Кое-как вымыв машину, я зашвырнул ведро в багажник. Злость моя еще до конца не прошла. Прихватив из машины куртку, я отошел в сторонку. Снял кобуру с "макаровым", засунул ее под брошенную на песок куртку. Разделся до пояса и с наслаждением вымылся холодной речной водой. Расстелил куртку на берегу под тенистой ивой, улегся на нее и только тогда с наслаждением закурил.
Краем глаза я видел, как Хиппоза вылезла из машины. Медленно, заплетая одну ногу за другую, опустив голову, словно нашкодившая собачонка, подошла ко мне и присела рядом. Сорвала травинку, покусала ее. Над речкой разрезали воздух ласточки. Ветерок шевелил узкие листья ивы, бросал на ее лицо колеблющиеся тени.
– Наверно, опять дождь будет, – тихо сказала Хиппоза, глядя на речку.
Я молчал.
– Или гроза…
– Почему это? – буркнул я.
– Ласточки низко летают…
– Не выдумывай, – проворчал я. – Вовсе не низко.
– Да, – покорно и быстро согласилось это непредсказуемое создание. – Извини, я ошиблась. Вовсе не низко. Высоко летают. Не будет больше грозы.
Я посмотрел на нее и, не выдержав, захохотал. И Хиппоза засмеялась, набросилась на меня, затормошила. Повалила на прохладный песок. А потом она вдруг притихла, потому что ее прозрачно-серые, в коричневатых крапинках глаза оказались близко-близко возле моих.

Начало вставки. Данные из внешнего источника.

Lemma toy_span_cons h gs :
  toy_span (h :: gs) = toy_span gs :|: [set tp_mul h s | s in toy_span gs].
Proof.
have sub : toy_span gs \subset toy_span (h :: gs).
  apply: toy_span_min; first exact: toy_span_subgroup.
  by apply/allP => g gs_g; apply: mem_toy_span; rewrite inE gs_g orbT.
apply/eqP; rewrite eqEsubset; apply/andP; split.
  apply: toy_span_min.
    apply/subgroupP; split; first by rewrite inE toy_span1.
    move=> g k; rewrite !inE => /orP[gS|/imsetP[s sS ->]] /orP[kS|/imsetP[t tS ->]].
    - by rewrite toy_spanM.
    - by rewrite tp_mulA (tp_mulC g h) -tp_mulA imset_f ?orbT ?toy_spanM.
    - by rewrite -tp_mulA imset_f ?orbT ?toy_spanM.
    - by rewrite (tp_mulC h s) -tp_mulA tp_mulKg toy_spanM.
  rewrite /= inE; apply/andP; split.
    by apply/orP; right; apply/imsetP; exists (tp_one N); rewrite ?toy_span1 // tp_mulC tp_mul1g.
  by apply/allP => g gs_g; rewrite /= inE mem_toy_span.
rewrite subUset sub /=; apply/subsetP => _ /imsetP[s sS ->].
by apply: toy_spanM; [apply: mem_toy_span; rewrite inE eqxx | apply: (subsetP sub)].
Qed.

Lemma card_toy_span gs : #|toy_span gs| <= 2 ^ size gs.
Proof.
elim: gs => [|h gs IH] /=.
  have span_nil : toy_span [::] \subset [set tp_one N].
    apply: toy_span_min => //; apply/subgroupP; split; first by rewrite inE.
    by move=> g h; rewrite !inE => /eqP-> /eqP->; rewrite tp_mulgg.
  by rewrite (leq_trans (subset_leq_card span_nil)) ?cards1.
rewrite toy_span_cons expnS mul2n -addnn (leq_trans (leq_card_setU _ _)) //.
by rewrite leq_add // (leq_trans (leq_imset_card _ _)).
Qed.

Lemma toy_independent_cons h gs :
  toy_independent gs -> h \notin toy_span gs -> toy_independent (h :: gs).
Proof.
move=> indep hS [|i] lt_i; first by rewrite map_nth_iota_neq0_cons.
rewrite map_nth_iota_neqS_cons toy_span_cons inE negb_or /=.
rewrite ltnS in lt_i; have := indep i lt_i.
set others := [seq _ | _ <- _ & _] => ->; apply/imsetP => -[s sS gi_hs].
have others_gs : toy_span others \subset toy_span gs.
  apply: toy_span_min; first exact: toy_span_subgroup.
  apply/allP => x /mapP[j]; rewrite mem_filter mem_iota => /andP[_ lt_j] ->.
  exact/mem_toy_span/mem_nth.
have gi_gs : nth (tp_one N) gs i \in toy_span gs by exact/mem_toy_span/mem_nth.
move/negP: hS; apply; rewrite -(tp_mulKg s h) (tp_mulC s h) tp_mulC -gi_hs.
by rewrite toy_spanM // (subsetP others_gs).
Qed.

End ToySpan.

Section StabilizerExtension.
Variable N : nat.
Implicit Types g h s t x : tpauli N.
Implicit Types gs : seq (tpauli N).

Lemma tp_anticomm_toy_span h gs :
  (forall g, g \in gs -> tp_anticomm h g = false) ->
  forall s, s \in toy_span gs -> tp_anticomm h s = false.
Proof.
move=> h_gs s sS; apply/negbTE.
suff /subsetP/(_ s sS) : toy_span gs \subset [set x | ~~ tp_anticomm h x] by rewrite inE.
apply: toy_span_min; last by apply/allP => g gs_g; rewrite /= inE h_gs.
apply/subgroupP; split; first by rewrite inE tp_anticomm1r.
by move=> x y; rewrite !inE tp_anticomm_mulr => /negbTE-> /negbTE->.
Qed.

Lemma is_stab_group_cons h gs :
  is_stab_group (toy_span gs) ->
  (forall g, g \in gs -> tp_anticomm h g = false) -> tp_neg h \notin toy_span gs ->
  is_stab_group (toy_span (h :: gs)).
Proof.
case=> _ commS negS h_gs neghS.
have hS := tp_anticomm_toy_span h_gs.
have {}commS s t : s \in toy_span gs -> t \in toy_span gs -> tp_anticomm s t = false.
  by move=> sS tS; apply/negbTE/commS.
split; first exact: toy_span_subgroup.
  move=> x y; rewrite toy_span_cons !inE tp_commuteE.
  case/orP=> [xS|/imsetP[s sS ->]]; case/orP=> [yS|/imsetP[t tS ->]].
  - by rewrite commS.
  - by rewrite tp_anticomm_mulr tp_anticommC hS // commS.
  - by rewrite tp_anticomm_mull hS // commS.
  - by rewrite !tp_anticomm_mull !tp_anticomm_mulr tp_anticommxx (tp_anticommC s h) !hS // commS.
rewrite toy_span_cons inE negb_or negS /=; apply/imsetP => -[s sS m1_hs].
by move/negP: neghS; apply; rewrite tp_negE m1_hs tp_mulC tp_mulKg.
Qed.

Lemma rephasing_toy_span_cons h gs :
  rephasing (toy_span (h :: gs)) (toy_span (tp_neg h :: gs)).
Proof.
move=> x; rewrite !toy_span_cons !inE => /orP[->|/imsetP[s sS ->]]; first by left.
right; apply/orP; right; apply/imsetP; exists s => //.
by rewrite !tp_negE tp_mulA.
Qed.

Lemma toy_span_cons_negI h gs : tp_minus_one N \notin toy_span gs ->
  toy_span (h :: gs) :&: toy_span (tp_neg h :: gs) = toy_span gs.
Proof.
move=> m1S; apply/setP => x; rewrite inE !toy_span_cons !inE.
case xS: (x \in toy_span gs) => //=.
apply/negP => /andP[/imsetP[s sS xs] /imsetP[t tS xt]].
move/negP: m1S; apply.
have -> : tp_minus_one N = tp_mul s t.
  rewrite -(tp_mulKg h s) -(tp_mulKg (tp_neg h) t) -xs -xt (tp_mulC (tp_neg h)).
  by rewrite tp_mulA -(tp_mulA h) tp_mulgg (tp_mulC h) tp_mul1g tp_mul_neg.
exact: toy_spanM.
Qed.

End StabilizerExtension.

Section Counting.
Variable N : nat.
Implicit Types gs : seq (tpauli N).
Implicit Types f : {ffun 'I_N -> letter}.

Definition commutant gs : {set {ffun 'I_N -> letter}} :=
  [set f | all (fun g => ~~ tp_anticomm ((false, f) : tpauli N) g) gs].

Definition ffun_lmul f0 f : {ffun 'I_N -> letter} := [ffun j => lmul (f0 j) (f j)].

Lemma ffun_lmulK f0 : involutive (ffun_lmul f0).
Proof. by move=> f; apply/ffunP => j; rewrite !ffunE lmulA lmulxx lmul0l. Qed.

Lemma tp_anticomm_ffun_lmul f0 f (y : tpauli N) :
  tp_anticomm ((false, ffun_lmul f0 f) : tpauli N) y =
  tp_anticomm ((false, f0) : tpauli N) y (+) tp_anticomm ((false, f) : tpauli N) y.
Proof. exact: (tp_anticomm_mull (false, f0) (false, f)). Qed.

(* Multiplication by any f0 in A :\: B maps A :\: B injectively into B. *)
Lemma card_commutant_cons g gs : #|commutant gs| <= 2 * #|commutant (g :: gs)|.
Proof.
set A := commutant gs; set B := commutant (g :: gs).
have BA : B \subset A by apply/subsetP => f; rewrite !inE => /andP[].
rewrite -(cardsID B A) mul2n -addnn leq_add ?(subset_leq_card (subsetIr _ _)) //.
have [->|[f0 f0AB]] := set_0Vmem (A :\: B); first by rewrite cards0.
have [f0A f0g] : f0 \in A /\ tp_anticomm (false, f0) g.
  by move: f0AB; rewrite !inE => /andP[/nandP[/negbNE|/negP]].
rewrite -(card_imset _ (inv_inj (ffun_lmulK f0))) subset_leq_card //.
apply/subsetP => _ /imsetP[f /setDP[fA fB] ->].
have fg : tp_anticomm (false, f) g.
  by move: fB fA; rewrite !inE => /nandP[/negbNE|/negP].
move: f0A fA; rewrite !inE /= tp_anticomm_ffun_lmul f0g fg => /allP f0A /allP fA.
by apply/allP => y gs_y; rewrite tp_anticomm_ffun_lmul (negbTE (f0A y gs_y)) (negbTE (fA y gs_y)).
Qed.

Lemma card_commutant gs : 4 ^ N <= 2 ^ size gs * #|commutant gs|.
Proof.
elim: gs => [|g gs IH].
  have -> : commutant [::] = setT by apply/setP => f; rewrite !inE.
  by rewrite cardsT card_ffun !card_ord mul1n.
by rewrite (leq_trans IH) //= expnS -mulnA mulnCA leq_mul2l card_commutant_cons orbT.
Qed.

Lemma exists_commuting_outside_span gs : size gs < N ->
  exists h : tpauli N, [/\ forall g, g \in gs -> tp_anticomm h g = false,
     h \notin toy_span gs & tp_neg h \notin toy_span gs].
Proof.
move=> lt_gs_N; set I := [set x.2 | x in toy_span gs].
have cardI : #|I| <= 2 ^ size gs by rewrite (leq_trans (leq_imset_card _ _)) ?card_toy_span.
have [comm_sub_I|/subsetPn[f fC fI]] := boolP (commutant gs \subset I).
  have : 2 ^ (2 * N) <= 2 ^ (size gs + size gs).
    rewrite expnM expnD (leq_trans (card_commutant gs)) // leq_mul2l.
    by rewrite (leq_trans (subset_leq_card comm_sub_I)) ?orbT.
  by rewrite leq_exp2l //; lia.
exists (false, f); split.
- by move=> g gs_g; move: fC; rewrite inE => /allP/(_ g gs_g)/negbTE.
- by apply: contra fI => hS; apply/imsetP; exists (false, f).
- by apply: contra fI => hS; apply/imsetP; exists (true, f).
Qed.

End Counting.

Section Decomposition.
Variable N : nat.
Implicit Types gs : seq (tpauli N).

Она медленно обняла меня за плечи и уже потянулась своими губами к моим. Мои руки скользнули по ее длинной спине, вниз, к ложбинке, ведущей к упругим ягодицам, и тут глаза ее внезапно расширились и она дико заорала.
– А-а-аа! – визжала она на одной невероятно высокой ноте.

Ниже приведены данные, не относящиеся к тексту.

Definition CS (S : Type) := {M : set S | countable M}.

(* N_A(M) = |A ∩ M| in N_0 ∪ {∞}; [None] encodes ∞. *)
Definition NA (S : choiceType) (A : set S) (M : CS S) : option nat :=
  if pselect (finite_set (A `&` proj1_sig M))
  then Some (#|` fset_set (A `&` proj1_sig M)|)%fset
  else None.

(* \mathcal{C}(\mathcal{S}): smallest sigma-field on C(S) making all N_A,
   A measurable, measurable (N_0 ∪ {∞} carrying its discrete sigma-field). *)
Definition CSigma (d : measure_display) (S : measurableType d) : set (set (CS S)) :=
  <<s [set B | exists A (n : option nat),
         measurable A /\ B = [set M | NA A M = n]] >>.

Definition crset (dO d : measure_display) (Omega : measurableType dO)
  (S : measurableType d) (pi : Omega -> CS S) : Prop :=
  forall B, CSigma B -> measurable (pi @^-1` B).

Definition sigma_finite_on (Omega : Type) (S : Type) (tau : Omega -> CS S)
  (E : set (set S)) : Prop :=
  exists A : nat -> set S, (forall n, E (A n)) /\ \bigcup_n A n = setT /\
    forall w n, finite_set (proj1_sig (tau w) `&` A n).

Definition law (dO d : measure_display) (Omega : measurableType dO)
  (S : measurableType d) (R : realType) (P : probability Omega R)
  (pi : Omega -> CS S) : set (CS S) -> \bar R :=
  fun B => P (pi @^-1` B).

From HB Require Import structures.
From mathcomp Require Import all_boot all_order all_algebra.
From mathcomp Require Import finmap all_classical all_reals all_analysis.
Set Implicit Arguments. Unset Strict Implicit. Unset Printing Implicit Defensive.
Import Order.TTheory.
Local Open Scope classical_set_scope.

(* The avoidance events {M | M ∩ A = ∅}, A ∈ R, form a π-system on which the
   two laws agree (their complements are the hitting events of the
   hypothesis), so by Dynkin's π-λ theorem P_π1 and P_π2 agree on the σ-field
   Sg they generate.  Since the diagonal is measurable and σ(R) = S, some
   sequence (e_i) in R separates the points of S; then N_A(M) ≥ n iff, for
   some m, M meets n distinct atoms of A cut out by e_0, ..., e_{m-1}, which
   puts {N_A = n} in Sg for A ∈ R.  A second π-λ argument over A ∈ S shows that
   every C(S)-event B agrees with an Sg-event on the set L of configurations
   having finitely many points in each F_j, where (F_j) is a nondecreasing
   exhaustion of S in R witnessing the σ-finiteness of π1.  As π1 ∈ L surely,
   P(π2 ∈ L) = 1 and P(π1 ∈ B) = P(π1 ∈ B ∩ L) = P(π2 ∈ B ∩ L) = P(π2 ∈ B). *)

Section g_sigma_closure.
Context {T : Type} (G : set (set T)).
Local Notation Sg := (<<s G >>).

Lemma g_sigmaC A : Sg A -> Sg (~` A).
Proof. by rewrite -setTD; exact: sigma_algebraCD. Qed.

Lemma g_sigmaT : Sg setT.
Proof. by rewrite -[X in Sg X]setC0; apply: g_sigmaC; exact: sigma_algebra0. Qed.

Lemma g_sigmaU A B : Sg A -> Sg B -> Sg (A `|` B).
Proof.
move=> SA SB; rewrite -bigcup2E; apply: sigma_algebra_bigcup => -[|[|i]] //=.
exact: sigma_algebra0.
Qed.

Lemma g_sigmaI A B : Sg A -> Sg B -> Sg (A `&` B).
Proof.
move=> SA SB; rewrite -[A `&` B]setCK setCI.
by apply: g_sigmaC; apply: g_sigmaU; exact: g_sigmaC.
Qed.

Lemma g_sigmaD A B : Sg A -> Sg B -> Sg (A `\` B).
Proof. by move=> SA SB; rewrite setDE; apply: g_sigmaI => //; exact: g_sigmaC. Qed.

Lemma g_sigma_bigcup (I : countType) (J : set I) (F : I -> set T) :
  (forall i, J i -> Sg (F i)) -> Sg (\bigcup_(i in J) F i).
Proof.
move=> SF; pose F' n := if choice.unpickle n is Some i then
  (if `[< J i >] then F i else set0) else set0.
have -> : \bigcup_(i in J) F i = \bigcup_n F' n.
  apply/seteqP; split => [x [i Ji Fix]|x [n _]].
    by exists (choice.pickle i) => //; rewrite /F' choice.pickleK asboolT.
  rewrite /F'; case: (choice.unpickle n) => // i.
  by case: ifPn => // /asboolP Ji Fix; exists i.
apply: sigma_algebra_bigcup => n; rewrite /F'.
case: (choice.unpickle n) => [i|]; last exact: sigma_algebra0.
by case: ifPn => [/asboolP/SF//|_]; exact: sigma_algebra0.
Qed.

Lemma g_sigma_bigcap (I : countType) (J : set I) (F : I -> set T) :
  (forall i, J i -> Sg (F i)) -> Sg (\bigcap_(i in J) F i).
Proof.
move=> SF; rewrite -[X in Sg X]setCK setC_bigcap.
by apply: g_sigmaC; apply: g_sigma_bigcup => i Ji; apply: g_sigmaC; exact: SF.
Qed.

End g_sigma_closure.

Lemma probability_preimage_g_sigma_eq d (Omega : measurableType d)
    (R : realType) (P : probability Omega R) (T : Type) (G : set (set T))
    (X1 X2 : Omega -> T) :
  setI_closed G ->
  (forall B, <<s G >> B -> measurable (X1 @^-1` B)) ->
  (forall B, <<s G >> B -> measurable (X2 @^-1` B)) ->
  (forall B, G B -> P (X1 @^-1` B) = P (X2 @^-1` B)) ->
  forall B, <<s G >> B -> P (X1 @^-1` B) = P (X2 @^-1` B).
Proof.
move=> GI mX1 mX2 PG.
pose H := [set B | <<s G >> B /\ P (X1 @^-1` B) = P (X2 @^-1` B)].
suff GH : <<s G >> `<=` H by move=> B /GH[].
apply: (lambda_system_subset GI) => //; last first.
  by move=> B GB; split; [exact: sub_sigma_algebra|exact: PG].
split => //.
- by split; [exact: g_sigmaT|rewrite !preimage_setT].
- move=> A B BA [SA PA] [SB PB]; split; first exact: g_sigmaD.
  have PD X : measurable (X @^-1` A) -> measurable (X @^-1` B) ->
      P (X @^-1` (A `\` B)) = (P (X @^-1` A) - P (X @^-1` B))%E.
    move=> mA mB; rewrite (_ : X @^-1` (A `\` B) = X @^-1` A `\` X @^-1` B) //.
    rewrite measureD // ?ltey_eq ?fin_num_measure // setIidr //.
    exact: preimage_subset.
  have [mA1 mB1] := (mX1 _ SA, mX1 _ SB); have [mA2 mB2] := (mX2 _ SA, mX2 _ SB).
  by rewrite !PD ?PA ?PB.
- move=> F ndF HF; split; first by apply: g_sigma_bigcup => i _; exact: (HF i).1.
  have cvgP (X : Omega -> T) : (forall i, measurable (X @^-1` F i)) ->
      (fun i => P (X @^-1` F i)) @ \oo --> P (X @^-1` \bigcup_i F i).
    move=> mXF; rewrite preimage_bigcup.
    apply: nondecreasing_cvg_mu => //; first exact: bigcup_measurable.
    move=> i j ij; apply/subsetPset; apply: preimage_subset.
    exact/subsetPset/ndF.
  have c1 := cvgP X1 (fun i => mX1 _ (HF i).1).
  have c2 := cvgP X2 (fun i => mX2 _ (HF i).1).
  have PF : (fun i => P (X1 @^-1` F i)) = (fun i => P (X2 @^-1` F i)).
    by apply: funext => i; exact: (HF i).2.
  by rewrite PF in c1; exact: (cvg_unique _ c1 c2).
Qed.

Definition separating (T : Type) (e : nat -> set T) :=
  forall x y, x <> y -> exists i, ~ (e i x <-> e i y).

Lemma g_sigma_inseparable (T : Type) (G : set (set T)) (x y : T) :
  (forall A, G A -> (A x <-> A y)) -> forall A, <<s G >> A -> (A x <-> A y).
Proof.
move=> GA; apply: smallest_sub => //; split => //.
- by move=> A Axy; split=> -[_ nAx]; split=> // ?; apply: nAx; exact/Axy.
- by move=> F Fxy; split=> -[i _ Fix]; exists i => //; exact/Fxy.
Qed.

И я тоже дернулся и заорал, как ненормальный.
Она орала, потому что увидела ползающих у меня в волосах пару здоровенных ос, а я – потому что почувствовал обжигающий укол в левый бок.
Как потом выяснилось, мы с ней, не заметив, улеглись прямо на гнездо земляных ос.
Мы оба вскочили. Хиппоза прыгала на месте, словно обезьяна, размахивая руками. Я от нее не отставал, слыша сквозь ее непрекращающиеся вопли нарастающее рассерженное гуденье. Наконец я, полуоглохший от хиппозиных воплей, сообразил, что надо делать. Я схватил ее за руку и поволок ее за собой. Мы пробежали пару метров, ввалились в воду и поплыли в сторону от берега, беспрестанно ныряя, в надежде, что злобные летающие твари от нас останут.
Но оказывается, осы и не собирались нас преследовать. И мы уже просто так, может быть, от радости, что осы улетели, стали плескаться и плавать в прозрачной речной воде. Ей-то простительно было веселиться с телячьей радостью, малолетке. А вот что на меня нашло, старого идиота, не знаю. Хотя могу догадаться. От переизбытка чувств Хиппоза время от времени испускала пронзительные индейские вопли. Она смеялась, визжала и брызгала в меня холодной речной водой. А потом она улеглась на мелководье возле прибрежных камышей на спину и раскинула руки. Серебряный крестик покоился между грудей, обтянутых мокрой футболкой. Течение медленно ее разворачивало. Я вылез из воды. Уселся на траву и стал смотреть на девушку. Я просто смотрел на нее, и на душе у меня становилось спокойнее. И тоска была уже не такой острой, а ласковой и чуть печальной. А девушка лежала в воде и глядела в небо. Я поднял голову и тоже посмотрел на него. Небо было чистым, спокойным и бесконечно глубоким.
И снова Хиппоза сидела рядом со мной. На шее у нее висела гирлянда подвявших желтых кувшинок. Она их нарвала в той речке, не обращая внимания на мои уверения, что уже через час они завянут. Ползала в воде, выдергивая из воды длинные темно-зеленые плети. Продрогла и извозилась, как поросенок. Так что мне пришлось снова гнать ее в воду, чтобы смыть грязь. Но зато теперь она сидела, разукрашенная, словно полинезийка. Сначала, когда наконец мы выбрались на трассу, она болтала о каких-то пустяках, потом замолчала.